Query to Resolution Discovery Guide

This guide provides a structured framework for conducting discovery for AI Employees that improve customer support operations -- from initial query through resolution, quality assurance, and insight extraction.

Product Suite Overview

The Query-to-Resolution suite addresses multiple stages of the customer service lifecycle:

AI EmployeePurpose
Customer Support (Chatbot)Handles Tier-1 support interactions autonomously in chat environments.
Agent AssistDrafts high-quality email responses and suggestions for support agents in real time.
QA AutomationEvaluates support transcripts against SOPs to flag gaps and automate quality evaluations.
Knowledge Base AugmentorDetects outdated knowledge articles and automates updates using ticket data.
Insight FinderIdentifies trends across tickets, chat logs, and resolution notes for coaching or root cause analysis.

Each AI Employee can be deployed individually or in combination depending on support maturity and infrastructure.

Discovery Preparation

Required Knowledge

  • Familiarity with tools like Zendesk, Salesforce Service Cloud, Intercom, or Freshdesk.
  • Understanding of support team structures including triage, escalation, and automation flows.
  • Awareness of how documentation, macros, and bots are used in current support operations.

Stakeholders to Involve

  • Support Operations or Platform Admins.
  • Team Leads or SMEs.
  • Knowledge Managers or Documentation Owners.
  • IT or Security Teams.
  • End users (agents, analysts).
  • Request process maps, escalation matrices, and SOPs.
  • Collect real support tickets with transcripts if possible.
  • Confirm initial AI Employee scope and outcomes.
  • Ensure test or sandbox environment access.

End-to-End Workflow Mapping

Process Discovery

Understand how the support organization handles customer inquiries from first contact to resolution.

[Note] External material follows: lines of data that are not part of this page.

(* For every graph $G$ and integer $k$, every execution path of naive-fvs$(G,k,\emptyset)$ that leads to a solution satisfies $|F'|\le 3|V_-|$.
   Context: All graphs are finite, simple and undirected; $d_G(v)$ denotes the degree of $v$ in $G$, $G-S$ denotes deletion of a vertex set $S$, and $G[S]$ the induced subgraph. A feedback vertex set of $G$ is a set $V_-\subseteq V(G)$ such that $G-V_-$ is a forest. Algorithm naive-fvs$(G,k,F)$ (with $k$ an integer and $F\subseteq V(G)$ inducing a forest) returns a set of vertices or ``NO'' as follows (all choices among several candidates are arbitrary; degrees are in the current graph $G$): (0) If $k<0$ return NO; if $V(G)=\emptyset$ return $\emptyset$. (1) If some vertex $v$ has degree less than $2$, return naive-fvs$(G-\{v\},k,F\setminus\{v\})$. (2) If some $v\in V(G)\setminus F$ has two neighbors in the same connected component of $G[F]$, let $X=$ naive-fvs$(G-\{v\},k-1,F)$ and return $X\cup\{v\}$ (NO if $X$ is NO). (3) Pick $v\in V(G)\setminus F$ of maximum degree. (4) If $d(v)=2$: set $X=\emptyset$; while $G$ contains a cycle $C$, take any vertex $x$ of $C$ not in $F$, add $x$ to $X$ and delete $x$ from $G$; then return $X$ if $|X|\le k$, else NO. (5) Let $X=$ naive-fvs$(G-\{v\},k-1,F)$; if $X$ is not NO, return $X\cup\{v\}$. (6) Return naive-fvs$(G,k,F\cup\{v\})$. An execution path is a sequence of calls $c_0,c_1,\dots,c_t$ where $c_0=$ naive-fvs$(G,k,\emptyset)$; for each $j<t$, $c_{j+1}$ is the recursive call made by $c_j$ in step 1 or step 2, or, if $c_j$ reaches step 5, either the call of step 5 or the call of step 6 (the latter considered even if the algorithm would not actually make it); and $c_t$ terminates in step 0 or step 4 without recursion. It leads to a solution if $c_t$ returns a set (not NO). $V_-$ denotes the set of vertices deleted along the path in step 2, in step 5 (when the path follows the step-5 call), and in the loop of step 4 of $c_t$; $F'$ denotes the set of vertices added to $F$ by step 6 (when the path follows the step-6 call). *)

From HB Require Import structures.
From mathcomp Require Import all_boot all_order all_algebra.
Set Implicit Arguments. Unset Strict Implicit. Unset Printing Implicit Defensive.
Import Order.TTheory GRing.Theory Num.Theory.

(* A finite simple graph is a symmetric irreflexive relation e on a finType T.
   The "current graph" of a call of naive-fvs is the induced subgraph
   G[V] for a vertex set V : {set T}; deleting vertices = shrinking V. *)
Section NaiveFVS.
Variables (T : finType) (e : rel T).

Definition deg (V : {set T}) (v : T) : nat := #|[set u in V | e v u]|.

Definition Frel (V F : {set T}) : rel T :=
  [rel x y | [&& x \in V :&: F, y \in V :&: F & e x y]].

Definition two_nbrs (V F : {set T}) (v : T) : Prop :=
  exists x y, [/\ x != y, x \in V :&: F, y \in V :&: F, e v x && e v y
               & connect (Frel V F) x y].

Definition is_cycle (V : {set T}) (c : seq T) : bool :=
  [&& 2 < size c, all (mem V) c, cycle e c & uniq c].

(* the while-loop of step 4: starting from G[V], repeatedly delete a vertex
   not in F lying on some cycle, until acyclic; X is the set deleted *)
Inductive loop4 (F : {set T}) : {set T} -> {set T} -> Prop :=
| loop4_done V : (forall c, ~~ is_cycle V c) -> loop4 F V set0
| loop4_step V c x X : is_cycle V c -> x \in c -> x \notin F ->
    loop4 F (V :\ x) X -> loop4 F V (x |: X).

Definition no_low (V : {set T}) : Prop := forall u, u \in V -> 1 < deg V u.
Definition no_two (V F : {set T}) : Prop :=
  forall u, u \in V :\: F -> ~ two_nbrs V F u.
Definition maxdeg (V F : {set T}) (v : T) : Prop :=
  v \in V :\: F /\ forall u, u \in V :\: F -> deg V u <= deg V v.

(* leads V k F Vm Fp : there is an execution path starting from the call
   naive-fvs(G[V], k, F) that leads to a solution, along which the set of
   deleted vertices (steps 2, 5, and loop of step 4) is Vm and the set of
   vertices added to F by step 6 is Fp. *)
Inductive leads : {set T} -> int -> {set T} -> {set T} -> {set T} -> Prop :=
| leads_empty V k F :
    (0 <= k)%R -> V = set0 -> leads V k F set0 set0
| leads_step1 V k F v Vm Fp :
    (0 <= k)%R -> V != set0 -> v \in V -> deg V v < 2 ->
    leads (V :\ v) k (F :\ v) Vm Fp -> leads V k F Vm Fp
| leads_step2 V k F v Vm Fp :
    (0 <= k)%R -> V != set0 -> no_low V -> v \in V :\: F -> two_nbrs V F v ->
    leads (V :\ v) (k - 1)%R F Vm Fp -> leads V k F (v |: Vm) Fp
| leads_step4 V k F v X :
    (0 <= k)%R -> V != set0 -> no_low V -> no_two V F -> maxdeg V F v ->
    deg V v = 2 -> loop4 F V X -> (#|X|%:Z <= k)%R -> leads V k F X set0
| leads_step5 V k F v Vm Fp :
    (0 <= k)%R -> V != set0 -> no_low V -> no_two V F -> maxdeg V F v ->
    deg V v != 2 -> leads (V :\ v) (k - 1)%R F Vm Fp -> leads V k F (v |: Vm) Fp
| leads_step6 V k F v Vm Fp :
    (0 <= k)%R -> V != set0 -> no_low V -> no_two V F -> maxdeg V F v ->
    deg V v != 2 -> leads V k (v |: F) Vm Fp -> leads V k F Vm (v |: Fp).

End NaiveFVS.

(* Let the core of the current graph be its 2-core, the largest vertex set
   inducing minimum degree 2, and let D f be the degree f had when step 6 put
   it into F: at least 3 and, since f then had maximum degree, at least the
   degree of every vertex that is later still undecided.  The potential
     Phi = sum over f in F inside the core of (deg_core f - 2) / (D f - 2)
   rises by exactly 1 at step 6 and is unchanged by step 1.  Deleting an
   undecided vertex x of degree d lowers the total excess degree of the core
   by at most d, because the vertices peeled off the core carry too few edges
   to absorb more; each unit of excess is worth at most 1 / (max d 3 - 2) in
   Phi, so Phi drops by at most 3.  Hence |F'| + Phi <= 3 |V_-| along every
   execution path, by induction from its end, where the graph left by step 4
   is acyclic and so has an empty core. *)

From Pilot Require Import Defs.
From mathcomp Require Import all_boot all_order all_algebra zify lra.
Set Implicit Arguments. Unset Strict Implicit. Unset Printing Implicit Defensive.
Import Order.TTheory GRing.Theory Num.Theory.

Section NaiveFVSBound.
Variables (T : finType) (e : rel T).
Hypothesis e_sym : symmetric e.
Hypothesis e_irr : irreflexive e.

Local Notation deg := (deg e).
Local Notation no_low := (no_low e).

Lemma degE (V : {set T}) u : deg V u = \sum_(b in V) (e u b : nat).
Proof.
rewrite /Defs.deg -sum1_card big_mkcond /= [RHS]big_mkcond /=.
by apply: eq_bigr => b _; rewrite inE; case: (b \in V); case: (e u b).
Qed.

Lemma deg_subset (A B : {set T}) u : A \subset B -> deg A u <= deg B u.
Proof.
move=> AB; apply: subset_leq_card; apply/subsetP => y.
by rewrite !inE => /andP[/(subsetP AB) -> ->].
Qed.

Lemma deg_setID (A B : {set T}) u : deg A u = deg (A :&: B) u + deg (A :\: B) u.
Proof. by rewrite !degE (big_setID B). Qed.

Lemma deg_setU_disjoint (A B : {set T}) u : [disjoint A & B] ->
  deg (A :|: B) u = deg A u + deg B u.
Proof.
move=> dAB; rewrite (deg_setID (A :|: B) B) addnC setIUl (disjoint_setI0 dAB).
by rewrite setIid set0U setDUl setDv setU0 (setDidPl dAB).
Qed.

Lemma deg_setD1_self (A : {set T}) u : deg (A :\ u) u = deg A u.
Proof.
rewrite !degE; case: (boolP (u \in A)) => uA.
  by rewrite [in RHS](big_setD1 u uA) /= e_irr add0n.
by apply: eq_bigl => b; rewrite !inE; case: eqP => // ->; rewrite (negPf uA).
Qed.

Lemma deg_set1 (x u : T) : deg [set x] u = e u x.
Proof. by rewrite degE big_set1. Qed.

(* Counts ordered adjacent pairs, so an edge inside A :&: B counts twice. *)
Definition nedges (A B : {set T}) : nat := \sum_(a in A) deg B a.

Lemma nedgesC (A B : {set T}) : nedges A B = nedges B A.
Proof.
rewrite /nedges; under eq_bigr do rewrite degE.
rewrite exchange_big /=; apply: eq_bigr => b _; rewrite degE.
by apply: eq_bigr => a _; rewrite e_sym.
Qed.

Definition core (V : {set T}) : {set T} :=
  [set u | [exists C : {set T},
             [&& C \subset V, [forall y in C, 1 < deg C y] & u \in C]]].

Lemma core_sub (V : {set T}) : core V \subset V.
Proof.
apply/subsetP => u; rewrite inE => /existsP[C /and3P[CV _ uC]].
exact: (subsetP CV).
Qed.

Lemma core_max (V C : {set T}) : C \subset V -> no_low C -> C \subset core V.
Proof.
move=> CV gC; apply/subsetP => u uC; rewrite inE; apply/existsP; exists C.
by rewrite CV uC andbT; apply/forall_inP.
Qed.

Lemma core_no_low (V : {set T}) : no_low (core V).
Proof.
move=> u; rewrite inE => /existsP[C /and3P[CV /forall_inP gC uC]].
apply: leq_trans (gC u uC) (deg_subset _ _).
by apply: core_max => // y /gC.
Qed.

Lemma core_id (V : {set T}) : no_low V -> core V = V.
Proof. by move=> gV; apply/eqP; rewrite eqEsubset core_sub core_max. Qed.

Lemma core_set0 : core set0 = set0.
Proof. by apply/eqP; rewrite -subset0 core_sub. Qed.

Lemma core_subset (A B : {set T}) : A \subset B -> core A \subset core B.
Proof.
by move=> AB; apply: core_max (@core_no_low A); apply: subset_trans (core_sub A) AB.
Qed.

Lemma notin_core_deg_lt2 (V : {set T}) u : deg V u < 2 -> u \notin core V.
Proof.
move=> du; apply/negP => uc.
by have := core_no_low uc; have := deg_subset u (core_sub V); lia.
Qed.

Lemma core_setD1_notin (V : {set T}) x : x \notin core V -> core (V :\ x) = core V.
Proof.
move=> xc; apply/eqP; rewrite eqEsubset core_subset ?subsetDl //=.
apply: core_max (@core_no_low V); apply/subsetP => y yc.
by rewrite !inE (subsetP (core_sub V) y yc) andbT; apply: contraNneq xc => <-.
Qed.

Lemma core_setD1 (V : {set T}) x : core (V :\ x) = core (core V :\ x).
Proof.
apply/eqP; rewrite eqEsubset andbC core_subset ?setSD ?core_sub //=.
apply: core_max (@core_no_low _); apply/subsetP => y yc.
have /subsetP/(_ y yc) := core_subset (subsetDl V [set x]).
by have /subsetP/(_ y yc) := core_sub (V :\ x); rewrite !inE => /andP[-> _] ->.
Qed.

Go beyond surface-level steps to uncover decision points, manual handoffs, and exceptions.

What to capture:

  • Sequence and structure of key workflows: ticket creation, triage, assignment, resolution, escalation, and feedback.
  • Roles and responsibilities at each step and how handoffs are managed.
  • Sources of friction or inconsistency (SLA violations, resolution delays).
  • Exceptions and escalation logic.
  • Segmentation logic by product, issue type, or customer tier.

Discovery methods:

  • Live ticket walkthroughs with SMEs narrating their decision-making process.
  • Agent shadowing via recordings or real-time observation.
  • Process map review annotated with what actually happens.
  • Group whiteboarding sessions to highlight edge cases.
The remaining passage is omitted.